FedEx shares fell Wednesday after the logistics giant forecast current-quarter profit below expectations, pressured by U.S. tariffs and President Donald Trump's move to revoke duty-free status on certain consumer shipments from China.
Shares of FedEx were down 6% in premarket trade, while rival UPS fell about 1%. German peer DHL also dropped nearly 2%.
"The global demand environment remains volatile," said CEO Raj Subramaniam during an earnings webcast, as the company failed to provide full-year earnings and revenue forecasts, pointing to uncertainties surrounding U.S. trade policies.

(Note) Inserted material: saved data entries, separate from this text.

(* Gibbs on the (Y,Z)-marginal: MI(Y:Z) >= 0, and it vanishes only when
   the (Y,Z)-marginal is the product of the Y- and Z-marginals. *)
Lemma MI_YZ_ge0_eq0 Q : is_dist Q ->
  0 <= MI_YZ Q /\ (MI_YZ Q = 0 -> forall y z, mYZ Q y z = mY Q y * mZ Q z).
Proof.
move=> [Q_ge0 Q_mass]; change (mass Q = 1) in Q_mass.
pose p (t : TY * TZ) := mYZ Q t.1 t.2.
pose q (t : TY * TZ) := mY Q t.1 * mZ Q t.2.
have p0 t : 0 <= p t by apply: mYZ_ge0.
have q0 t : 0 <= q t by apply: Rmult_le_pos; [apply: mY_ge0 | apply: mZ_ge0].
have pq t : 0 < p t -> 0 < q t.
  move=> pt0; have := le_mYZ_mY Q_ge0 t.1 t.2; have := le_mYZ_mZ Q_ge0 t.1 t.2.
  by rewrite /p /q in pt0 *; move=> ? ?; apply: Rmult_lt_0_compat; lra.
have sum_p : rsum p = 1 by rewrite -(rsum_pair (mYZ Q)) -mass_YZ.
have sum_q : rsum q = 1.
  rewrite -(rsum_pair (fun y z => mY Q y * mZ Q z)).
  transitivity (rsum (mY Q) * rsum (mZ Q)).
    by rewrite rsum_mulr; apply: rsum_ext => y; rewrite rsum_mull.
  by rewrite -mass_Y -mass_Z Q_mass Rmult_1_r.
have MI_pq : MI_YZ Q = rsum (fun t => p t * ln (p t / q t)).
  rewrite -(rsum_pair (fun y z => p (y, z) * ln (p (y, z) / q (y, z)))).
  apply: rsum_ext => y; apply: rsum_ext => z.
  exact: xlogE.
have [G1 G2] := gibbs p0 q0 pq.
rewrite MI_pq; split; first lra.
by move=> MI0 y z; apply: (G2 _ (y, z)); lra.
Qed.
End Information.

(* The reference measure Q0(x,y,z) Q(y,z) / (P(y) P(z)) attached to Q in Delta_P.
   The gap MI_Q(X:Y|Z) - MI_Q(X:Y) is the divergence of Q from it, and it has mass
   at most 1 as soon as Q0 makes Y and Z independent. *)
Definition indep_ref (TX TY TZ : finType) (P Q : jdist TX TY TZ) x y z : R :=
  Q0 P x y z * (mYZ Q y z / (mY P y * mZ P z)).

Section CoI_nonpositive.
Variables (TX TY TZ : finType) (P Q : jdist TX TY TZ).
Hypotheses (hP : is_dist P) (QP : DeltaP P Q).

Let Q_ge0 : nonneg Q := DeltaP_ge0 QP.

Lemma indep_ref_ge0 x y z : 0 <= indep_ref P Q x y z.
Proof.
apply: Rmult_le_pos; first exact: (DeltaP_ge0 (Q0_in_DeltaP hP)).
have P_ge0 : nonneg P by case: hP.
apply: div_ge0; first exact: mYZ_ge0.
by apply: Rmult_le_pos; [apply: mY_ge0 | apply: mZ_ge0].
Qed.

Lemma indep_ref_pos x y z : 0 < Q x y z -> 0 < indep_ref P Q x y z.
Proof.
move=> q0; have [pXY [pXZ [pYZ [pX [pY pZ]]]]] := support_marginals Q_ge0 q0.
rewrite (DeltaP_XY QP) (DeltaP_XZ QP) (DeltaP_X QP) (DeltaP_Y QP) (DeltaP_Z QP) in pXY pXZ pX pY pZ.
rewrite /indep_ref Q0E; last by case: hP.
by apply: Rmult_lt_0_compat; apply: Rdiv_lt_0_compat; nra.
Qed.

Lemma CMI_sub_MI_XY : CMI_XY_Z Q - MI_XY Q =
  rsum3 (fun x y z => Q x y z * ln (Q x y z / indep_ref P Q x y z)).
Proof.
rewrite CMI_rsum3 MI_XY_rsum3 -rsum3_minus; apply: rsum3_ext => x y z.
case: (Req_dec (Q x y z) 0) => [->|qn0]; first ring.
have q0 : 0 < Q x y z by have := Q_ge0 x y z; lra.
have [pXY [pXZ [pYZ [pX [pY pZ]]]]] := support_marginals Q_ge0 q0.
have pA : 0 < ratio_XY_Z Q x y z by apply: Rdiv_lt_0_compat; nra.
have pB : 0 < ratio_XY Q x y by apply: Rdiv_lt_0_compat; nra.
rewrite -Rmult_minus_distr_l -ln_div //; congr (_ * ln _).
rewrite /indep_ref Q0E; last by case: hP.
rewrite -(DeltaP_XY QP) -(DeltaP_XZ QP) -(DeltaP_X QP) -(DeltaP_Y QP) -(DeltaP_Z QP).
by rewrite /ratio_XY_Z /ratio_XY; field; repeat split; lra.
Qed.

Lemma mass_indep_ref : (forall y z, mYZ (Q0 P) y z = mY P y * mZ P z) ->
  rsum3 (indep_ref P Q) <= 1.
Proof.
move=> Q0_indep; rewrite -(DeltaP_mass QP) mass_YZ.
rewrite /rsum3 rsum_exch; apply: rsum_le => y; rewrite rsum_exch; apply: rsum_le => z.
rewrite /indep_ref -rsum_mulr -/(mYZ (Q0 P) y z) Q0_indep.
rewrite -(DeltaP_Y QP) -(DeltaP_Z QP).
have := mYZ_ge0 Q_ge0 y z; case: (Req_dec (mY Q y * mZ Q z) 0) => [->|n0 ?].
  by rewrite Rmult_0_l.
by apply: Req_le; field; split => h0; apply: n0; rewrite h0; ring.
Qed.

Lemma CoI_le0 : (forall y z, mYZ (Q0 P) y z = mY P y * mZ P z) -> CoI Q <= 0.
Proof.
move=> Q0_indep.
have [gibbs_le _] := @gibbs (TX * (TY * TZ))%type
  (fun t => Q t.1 t.2.1 t.2.2) (fun t => indep_ref P Q t.1 t.2.1 t.2.2)
  (fun t => Q_ge0 _ _ _) (fun t => indep_ref_ge0 _ _ _) (fun t => @indep_ref_pos _ _ _).
rewrite -!rsum3_pair -(rsum3_pair (fun x y z => Q x y z * ln (Q x y z / indep_ref P Q x y z)))
  -CMI_sub_MI_XY in gibbs_le.
have mass_Q : rsum3 Q = 1 := DeltaP_mass QP.
by have := mass_indep_ref Q0_indep; rewrite /CoI; lra.
Qed.
End CoI_nonpositive.

Lemma DeltaP_bounds (TX TY TZ : finType) (P Q : jdist TX TY TZ) : DeltaP P Q ->
  forall x y z, 0 <= Q x y z /\ Q x y z <= mYZ Q y z /\ mYZ Q y z <= 1 /\
                Q x y z <= mXZ P x z.
Proof.
move=> QP x y z; have Q_ge0 := DeltaP_ge0 QP.
have := le_mYZ_mY Q_ge0 y z; have := le_mY_mass Q_ge0 y; have := DeltaP_mass QP.
have := le_mYZ Q_ge0 x y z; have := le_mXZ Q_ge0 x y z; rewrite (DeltaP_XZ QP).
by have := Q_ge0 x y z; repeat split; lra.
Qed.

(* Real bounds on x ln x, used near the boundary of the support. *)
Lemma xlnx_bound q : 0 < q -> - (q * ln q) <= 2 * sqrt q.
Proof.
move=> q0; set w := sqrt q.
have w0 : 0 < w by apply: sqrt_lt_R0.
have ww : w * w = q by apply: sqrt_sqrt; lra.
have lnw := ln_le_sub1 (Rinv_0_lt_compat _ w0); rewrite ln_Rinv // in lnw.
have lnq : ln q = ln w + ln w by rewrite -ww ln_mult.
have ww' : w * w * / w = w by field; lra.
rewrite lnq -ww; have : w * w * (- ln w) <= w * w * (/ w - 1) by apply: Rmult_le_compat_l; nra.
nra.
Qed.

Lemma term_bound q m c d : 0 < d -> 0 < c -> 0 <= q -> q <= m -> m <= 1 ->
  Rabs (q * ln (q * c / (d * m))) <= 2 * sqrt q + q * Rabs (ln (c / d)).
Proof.
move=> d0 c0 q0 qm m1; case: (Req_dec q 0) => [->|qn0].
  by rewrite Rmult_0_l Rabs_R0 sqrt_0; lra.
have {q0 qn0} q_pos : 0 < q by lra.
have m0 : 0 < m by lra.
have qm0 : 0 < q / m by apply: Rdiv_lt_0_compat.
have cd0 : 0 < c / d by apply: Rdiv_lt_0_compat.
have -> : q * c / (d * m) = (q / m) * (c / d) by field; lra.
rewrite ln_mult // Rmult_plus_distr_l.
have lnm : ln m <= 0 by have := ln_le_sub1 m0; lra.
have lnqm : ln (q / m) <= 0.
  have : q / m <= 1 by apply: (Rmult_le_reg_r m) => //; field_simplify; lra.
  by have := ln_le_sub1 qm0; lra.
have xlnx := xlnx_bound q_pos.
have abs1 : Rabs (q * ln (q / m)) <= 2 * sqrt q.
  by rewrite Rabs_left1; [rewrite ln_div //; nra | nra].
have abs2 : Rabs (q * ln (c / d)) = q * Rabs (ln (c / d)).
  by rewrite Rabs_mult Rabs_right //; lra.
by have := Rabs_triang (q * ln (q / m)) (q * ln (c / d)); lra.
Qed.

Section Limits.
Local Open Scope classical_set_scope.
Context {U : Type} (F : set_system U) {FF : Filter F}.

Lemma cvg_rsum (A : finType) (h : A -> U -> R) (l : A -> R) :
  (forall a, h a @ F --> l a) -> (fun u => rsum (fun a => h a u)) @ F --> rsum l.
Proof.
move=> h_cvg; rewrite /rsum; elim: (index_enum A) => [|a s IH].
  by under eq_fun do rewrite big_nil; rewrite big_nil; apply: cvg_cst.
under eq_fun do rewrite big_cons; rewrite big_cons.
exact: (@cvgD _ R^o).
Qed.

Lemma term_cvg_pos (qf mf : U -> R) q0 m0 c d :
  0 < d -> 0 < c -> 0 < q0 -> 0 < m0 -> qf @ F --> q0 -> mf @ F --> m0 ->
  (fun u => qf u * ln (qf u * c / (d * mf u))) @ F --> q0 * ln (q0 * c / (d * m0)).
Proof.
move=> d0 c0 q_pos m_pos q_cvg m_cvg.
have ratio_cvg : (fun u => qf u * c / (d * mf u)) @ F --> q0 * c / (d * m0).
  apply: cvgM; first exact: cvgMr_tmp.
  apply: cvgV; last exact: cvgMl_tmp.
  by apply/eqP => dm0; change (d * m0 = 0) in dm0; nra.
apply: cvgM => //; apply: continuous_cvg => //.
apply/continuity_pt_cvg/derivable_continuous_pt.
by exists (/ (q0 * c / (d * m0))); apply: derivable_pt_lim_ln; apply: Rdiv_lt_0_compat; nra.
Qed.

Lemma term_cvg_zero (qf mf : U -> R) c d :
  0 < d -> 0 < c -> qf @ F --> 0 ->
  (\forall u \near F, 0 <= qf u /\ qf u <= mf u /\ mf u <= 1) ->
  (fun u => qf u * ln (qf u * c / (d * mf u))) @ F --> 0.
Proof.
move=> d0 c0 q_cvg bounds.
pose bound u := 2 * sqrt (qf u) + qf u * Rabs (ln (c / d)).
have bound_cvg : bound @ F --> 0.
  have sqrt_cvg : (fun u => sqrt (qf u)) @ F --> sqrt 0.
    apply: continuous_cvg => //; apply/continuity_pt_cvg/continuity_pt_sqrt; lra.
  have -> : 0 = 2 * sqrt 0 + 0 * Rabs (ln (c / d)) by rewrite sqrt_0; ring.
  by apply: (@cvgD _ R^o); [apply: cvgMl_tmp | apply: cvgMr_tmp].
apply: (@squeeze_cvgr _ _ _ _ (fun u => - bound u) bound); last exact: bound_cvg.
  apply: filterS bounds => u [q_ge0 [qm m1]].
  have := term_bound d0 c0 q_ge0 qm m1; rewrite -/(bound u) => abs_le.
  have := Rle_abs (qf u * ln (qf u * c / (d * mf u))).
  have := Rle_abs (- (qf u * ln (qf u * c / (d * mf u)))); rewrite Rabs_Ropp.
  by move=> ? ?; apply/andP; split; apply/RleP; lra.
have -> : 0 = - 0 by ring.
exact: (@cvgN _ R^o).
Qed.
End Limits.

Lemma rsum_continuous {T : topologicalType} (A : finType) (h : A -> T -> R) :
  (forall a, continuous (h a)) -> continuous (fun u => rsum (fun a => h a u)).
Proof. by move=> h_cont u; apply: cvg_rsum => a; apply: h_cont. Qed.

Lemma closure_preimage {T : topologicalType} (A : set T) (g : T -> R) (C : set R) :
  continuous g -> closed C -> (forall u, A u -> C (g u)) ->
  forall u, closure A u -> C (g u).
Proof.
move=> g_cont C_closed AC u Au.
have gC_closed : closed (g @^-1` C) by apply: preimage_closed => // v _; apply: g_cont.
by have := closureS AC Au; rewrite -(proj1 (closure_id _) gC_closed).
Qed.

(* Existence of a maximiser of CoI over Delta_P: Delta_P is a compact subset of
   R^(X x Y x Z), and on it MI(X:Y) is constant while MI(X:Y|Z) is continuous. *)
Section MaximumExists.
Local Open Scope classical_set_scope.
Variables (TX TY TZ : finType) (P : jdist TX TY TZ).
Hypothesis hP : is_dist P.

Let S := {ptws (TX * TY * TZ)%type -> R}.

Definition of_point (f : S) : jdist TX TY TZ := fun x y z => f (x, y, z).

Let DeltaP_pts : set S := [set f | DeltaP P (of_point f)].

Lemma coord_continuous x y z : continuous (fun f : S => of_point f x y z).
Proof. exact: (@proj_continuous _ (fun _ => R) (x, y, z)). Qed.

Lemma DeltaP_pts_closed : closed DeltaP_pts.
Proof.
move=> f f_cl.
have keep_eq (g : S -> R) c : continuous g -> (forall h, DeltaP_pts h -> g h = c) -> g f = c.
  by move=> g_cont gK; exact: (closure_preimage g_cont (closed_eq (y := c)) gK f_cl).
split; [split|split].
- move=> x y z.
  have K_ge0 h : DeltaP_pts h -> [set r : R | 0 <= r]%O (of_point h x y z).
    by move=> hK; apply/RleP; apply: (DeltaP_ge0 hK).
  by apply/RleP; exact: (closure_preimage (@coord_continuous x y z) (closed_ge (y := 0)) K_ge0 f_cl).
- apply: (keep_eq (fun g => mass (of_point g))); last by move=> h; apply: DeltaP_mass.
  by do 3 (apply: rsum_continuous => ?); apply: coord_continuous.
- move=> x y; apply: (keep_eq (fun g => mXY (of_point g) x y)); last first.
    by move=> h hK; apply: DeltaP_XY.
  by apply: rsum_continuous => ?; apply: coord_continuous.
- move=> x z; apply: (keep_eq (fun g => mXZ (of_point g) x z)); last first.
    by move=> h hK; apply: DeltaP_XZ.
  by apply: rsum_continuous => ?; apply: coord_continuous.
Qed.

FedEx, along with rival UPS, is seen as an economic bellwether due to its broad customer base across industries, giving it an early insight into shifts in demand.
Russ Mould, investment director at AJ Bell, noted FedEx's inability to deliver an outlook for the year felt "quite telling."
"This may result in some consternation in the markets beyond just the fortunes of FedEx itself."
The Trump administration in April imposed a tariff rate of 145% on China that intensified a global trade war, before reducing it to 30% in May. With FedEx having more exposure to China than UPS, executives said they expect tariff policies to continue weighing on the U.S.-China air trade transit.
The biggest hit is from the Trump administration ending duty-free status for direct-to-consumer shipments — valued at less than $800 — from China-linked bargain sellers like Temu and Shein, FedEx Chief Customer Officer Brie Carere said.
"FedEx is like the economy's Fitbit. Express shows business demand, Ground tracks e-commerce, and Freight reflects industrial strength. Right now, all three are looking sluggish," said Michael Ashley Schulman, partner at Running Point Capital Advisors.
The company's dour outlook overshadowed a better-than-expected profit for the fourth quarter that ended May 31, as cost cuts and improved export volumes helped push operating margins higher.
FedEx's "cost cutting drive is continuing, but it's clear that it'll face more challenges ahead amid ongoing trade unpredictably," said Susannah Streeter, head of money and markets at Hargreaves Lansdown.